**Exercise instructions**. Would you give the number of lines below in which the string "then" appears? Nothing else is needed.

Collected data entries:
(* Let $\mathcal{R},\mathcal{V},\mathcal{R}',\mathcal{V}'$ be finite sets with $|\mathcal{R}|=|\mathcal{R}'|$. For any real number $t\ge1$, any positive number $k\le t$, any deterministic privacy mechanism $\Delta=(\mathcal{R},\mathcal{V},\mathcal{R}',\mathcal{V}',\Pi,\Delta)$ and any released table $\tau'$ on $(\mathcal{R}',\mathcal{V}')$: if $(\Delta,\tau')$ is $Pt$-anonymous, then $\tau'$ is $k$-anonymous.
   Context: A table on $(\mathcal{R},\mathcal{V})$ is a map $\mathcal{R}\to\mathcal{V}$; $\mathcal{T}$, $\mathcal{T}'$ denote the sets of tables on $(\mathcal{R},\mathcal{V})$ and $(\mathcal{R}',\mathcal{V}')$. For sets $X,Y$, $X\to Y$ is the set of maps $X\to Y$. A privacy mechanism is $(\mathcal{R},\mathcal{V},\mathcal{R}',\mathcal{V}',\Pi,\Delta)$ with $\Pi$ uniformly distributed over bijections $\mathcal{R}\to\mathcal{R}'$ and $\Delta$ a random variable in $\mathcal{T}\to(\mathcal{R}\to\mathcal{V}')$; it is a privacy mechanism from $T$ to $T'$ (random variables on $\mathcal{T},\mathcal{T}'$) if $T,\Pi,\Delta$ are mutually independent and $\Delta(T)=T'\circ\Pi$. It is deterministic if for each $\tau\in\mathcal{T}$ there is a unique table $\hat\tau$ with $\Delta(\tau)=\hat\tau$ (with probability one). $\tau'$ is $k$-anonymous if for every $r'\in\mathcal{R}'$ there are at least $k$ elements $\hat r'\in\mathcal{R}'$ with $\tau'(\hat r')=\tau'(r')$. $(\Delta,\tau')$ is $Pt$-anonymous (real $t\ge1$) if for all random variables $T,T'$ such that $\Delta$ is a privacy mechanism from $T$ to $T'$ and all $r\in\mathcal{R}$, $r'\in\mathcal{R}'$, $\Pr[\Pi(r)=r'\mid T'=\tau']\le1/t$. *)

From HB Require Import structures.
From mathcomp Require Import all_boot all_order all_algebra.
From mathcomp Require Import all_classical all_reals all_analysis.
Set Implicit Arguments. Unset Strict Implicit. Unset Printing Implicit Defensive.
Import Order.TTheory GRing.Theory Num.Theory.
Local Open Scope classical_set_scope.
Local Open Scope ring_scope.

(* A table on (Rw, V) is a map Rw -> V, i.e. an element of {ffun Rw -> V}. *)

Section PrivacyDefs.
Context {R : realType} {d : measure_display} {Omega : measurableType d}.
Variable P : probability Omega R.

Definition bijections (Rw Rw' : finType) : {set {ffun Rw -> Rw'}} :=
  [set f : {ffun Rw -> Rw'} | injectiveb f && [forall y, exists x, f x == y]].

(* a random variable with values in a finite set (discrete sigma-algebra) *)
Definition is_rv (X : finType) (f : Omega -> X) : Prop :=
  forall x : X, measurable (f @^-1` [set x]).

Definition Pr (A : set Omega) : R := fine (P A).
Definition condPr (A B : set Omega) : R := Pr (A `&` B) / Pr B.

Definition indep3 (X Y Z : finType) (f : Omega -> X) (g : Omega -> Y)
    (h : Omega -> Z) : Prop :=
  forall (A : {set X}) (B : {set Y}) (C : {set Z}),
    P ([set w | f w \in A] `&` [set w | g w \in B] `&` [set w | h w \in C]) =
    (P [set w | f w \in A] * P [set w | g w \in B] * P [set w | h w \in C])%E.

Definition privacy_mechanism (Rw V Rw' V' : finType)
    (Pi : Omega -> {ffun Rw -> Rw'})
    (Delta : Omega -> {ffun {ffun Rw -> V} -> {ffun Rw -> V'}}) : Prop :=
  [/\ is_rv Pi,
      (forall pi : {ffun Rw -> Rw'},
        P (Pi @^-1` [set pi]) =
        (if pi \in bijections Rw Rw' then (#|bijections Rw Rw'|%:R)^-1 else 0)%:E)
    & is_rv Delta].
* * *
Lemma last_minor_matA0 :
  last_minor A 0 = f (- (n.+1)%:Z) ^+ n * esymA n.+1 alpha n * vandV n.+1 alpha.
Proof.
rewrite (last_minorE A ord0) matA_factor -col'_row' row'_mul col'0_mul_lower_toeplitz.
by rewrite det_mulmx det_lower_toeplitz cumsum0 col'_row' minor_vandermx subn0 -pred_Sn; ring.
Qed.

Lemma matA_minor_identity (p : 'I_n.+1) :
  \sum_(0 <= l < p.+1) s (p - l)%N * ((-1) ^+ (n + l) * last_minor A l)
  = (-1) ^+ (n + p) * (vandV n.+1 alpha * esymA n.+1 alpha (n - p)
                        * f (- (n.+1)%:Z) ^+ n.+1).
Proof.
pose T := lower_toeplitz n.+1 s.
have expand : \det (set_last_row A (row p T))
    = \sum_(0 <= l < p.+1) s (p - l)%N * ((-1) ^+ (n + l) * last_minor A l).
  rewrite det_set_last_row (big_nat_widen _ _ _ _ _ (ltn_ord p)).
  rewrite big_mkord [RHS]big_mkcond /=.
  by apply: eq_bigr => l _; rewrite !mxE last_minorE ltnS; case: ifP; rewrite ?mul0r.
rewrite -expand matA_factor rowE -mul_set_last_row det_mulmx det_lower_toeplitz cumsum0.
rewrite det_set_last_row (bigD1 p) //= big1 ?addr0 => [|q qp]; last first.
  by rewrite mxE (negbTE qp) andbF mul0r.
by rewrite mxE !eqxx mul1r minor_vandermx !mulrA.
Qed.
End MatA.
==
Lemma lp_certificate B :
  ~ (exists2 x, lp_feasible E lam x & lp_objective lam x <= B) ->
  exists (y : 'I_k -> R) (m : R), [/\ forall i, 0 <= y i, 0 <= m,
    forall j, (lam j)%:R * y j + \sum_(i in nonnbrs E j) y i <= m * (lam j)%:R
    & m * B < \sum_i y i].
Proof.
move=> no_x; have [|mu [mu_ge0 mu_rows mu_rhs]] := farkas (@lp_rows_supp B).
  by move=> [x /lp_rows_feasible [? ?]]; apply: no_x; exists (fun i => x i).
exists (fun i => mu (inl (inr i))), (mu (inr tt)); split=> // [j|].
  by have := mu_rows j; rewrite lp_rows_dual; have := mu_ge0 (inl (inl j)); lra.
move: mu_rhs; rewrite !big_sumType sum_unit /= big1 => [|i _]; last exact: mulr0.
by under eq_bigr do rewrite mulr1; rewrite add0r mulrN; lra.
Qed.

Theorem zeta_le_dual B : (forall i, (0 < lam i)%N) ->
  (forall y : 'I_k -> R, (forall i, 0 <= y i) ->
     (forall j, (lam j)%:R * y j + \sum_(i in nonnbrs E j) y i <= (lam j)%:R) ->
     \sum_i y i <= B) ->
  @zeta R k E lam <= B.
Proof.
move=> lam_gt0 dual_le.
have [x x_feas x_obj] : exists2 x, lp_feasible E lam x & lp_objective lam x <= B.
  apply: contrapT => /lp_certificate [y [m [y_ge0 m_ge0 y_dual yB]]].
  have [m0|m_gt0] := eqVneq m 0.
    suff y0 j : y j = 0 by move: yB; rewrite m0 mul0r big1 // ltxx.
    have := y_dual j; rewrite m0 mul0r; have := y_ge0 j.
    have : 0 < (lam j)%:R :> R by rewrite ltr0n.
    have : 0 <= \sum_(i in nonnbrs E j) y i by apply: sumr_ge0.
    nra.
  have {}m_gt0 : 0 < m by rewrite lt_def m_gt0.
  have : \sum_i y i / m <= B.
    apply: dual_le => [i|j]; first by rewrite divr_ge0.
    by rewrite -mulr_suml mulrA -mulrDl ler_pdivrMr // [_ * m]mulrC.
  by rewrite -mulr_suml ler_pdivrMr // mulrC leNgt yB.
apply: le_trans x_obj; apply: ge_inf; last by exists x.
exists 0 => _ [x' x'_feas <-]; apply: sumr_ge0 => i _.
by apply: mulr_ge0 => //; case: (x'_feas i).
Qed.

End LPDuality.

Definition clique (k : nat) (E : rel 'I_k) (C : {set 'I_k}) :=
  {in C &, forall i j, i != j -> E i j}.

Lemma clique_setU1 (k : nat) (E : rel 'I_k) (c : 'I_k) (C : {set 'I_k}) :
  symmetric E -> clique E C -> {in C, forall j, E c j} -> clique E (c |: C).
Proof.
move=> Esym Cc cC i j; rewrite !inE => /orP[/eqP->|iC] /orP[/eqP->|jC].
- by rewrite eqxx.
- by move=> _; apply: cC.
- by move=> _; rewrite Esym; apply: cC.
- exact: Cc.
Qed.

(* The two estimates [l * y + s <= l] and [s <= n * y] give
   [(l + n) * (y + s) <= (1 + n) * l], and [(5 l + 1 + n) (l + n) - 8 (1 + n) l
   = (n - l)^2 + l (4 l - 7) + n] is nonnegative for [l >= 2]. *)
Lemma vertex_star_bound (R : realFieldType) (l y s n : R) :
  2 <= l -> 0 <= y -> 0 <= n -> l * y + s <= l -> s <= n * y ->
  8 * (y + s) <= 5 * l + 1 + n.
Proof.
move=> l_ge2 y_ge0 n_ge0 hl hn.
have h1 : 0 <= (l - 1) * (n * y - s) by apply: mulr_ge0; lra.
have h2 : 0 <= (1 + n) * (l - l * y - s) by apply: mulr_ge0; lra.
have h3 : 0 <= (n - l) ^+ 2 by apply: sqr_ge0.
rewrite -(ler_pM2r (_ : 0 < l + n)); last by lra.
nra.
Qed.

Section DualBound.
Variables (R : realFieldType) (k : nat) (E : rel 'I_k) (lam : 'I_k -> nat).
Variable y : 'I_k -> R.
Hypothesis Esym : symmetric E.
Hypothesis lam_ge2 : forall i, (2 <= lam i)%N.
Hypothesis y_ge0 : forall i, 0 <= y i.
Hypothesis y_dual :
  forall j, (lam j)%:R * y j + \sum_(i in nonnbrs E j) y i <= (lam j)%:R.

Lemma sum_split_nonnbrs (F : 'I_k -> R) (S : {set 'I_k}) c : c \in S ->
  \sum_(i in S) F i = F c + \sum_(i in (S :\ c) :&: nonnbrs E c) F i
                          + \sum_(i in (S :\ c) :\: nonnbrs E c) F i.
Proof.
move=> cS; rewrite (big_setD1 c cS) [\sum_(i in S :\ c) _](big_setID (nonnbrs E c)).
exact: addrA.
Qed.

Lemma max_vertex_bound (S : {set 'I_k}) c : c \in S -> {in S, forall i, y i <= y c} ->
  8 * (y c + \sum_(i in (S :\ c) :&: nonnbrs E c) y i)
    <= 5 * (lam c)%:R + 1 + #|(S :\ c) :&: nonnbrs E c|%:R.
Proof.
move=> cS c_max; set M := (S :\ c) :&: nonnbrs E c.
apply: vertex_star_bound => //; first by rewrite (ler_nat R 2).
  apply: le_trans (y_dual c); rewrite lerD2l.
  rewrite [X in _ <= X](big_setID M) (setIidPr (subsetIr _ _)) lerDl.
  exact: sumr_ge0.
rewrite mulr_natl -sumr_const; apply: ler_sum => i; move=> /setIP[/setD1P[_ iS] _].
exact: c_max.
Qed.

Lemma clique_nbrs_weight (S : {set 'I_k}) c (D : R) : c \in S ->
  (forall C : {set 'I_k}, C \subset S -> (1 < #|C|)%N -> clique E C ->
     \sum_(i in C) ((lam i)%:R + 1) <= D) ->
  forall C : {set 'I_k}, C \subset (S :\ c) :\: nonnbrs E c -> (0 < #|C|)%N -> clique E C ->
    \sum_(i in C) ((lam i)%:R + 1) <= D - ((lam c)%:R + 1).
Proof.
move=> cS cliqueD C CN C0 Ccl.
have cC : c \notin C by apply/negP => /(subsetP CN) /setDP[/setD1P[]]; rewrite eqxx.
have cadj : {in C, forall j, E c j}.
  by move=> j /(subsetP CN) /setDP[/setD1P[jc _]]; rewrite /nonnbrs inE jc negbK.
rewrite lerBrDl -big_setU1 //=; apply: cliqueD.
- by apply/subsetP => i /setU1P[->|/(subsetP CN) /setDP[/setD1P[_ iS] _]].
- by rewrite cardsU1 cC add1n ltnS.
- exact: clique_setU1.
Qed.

**Response below**. 2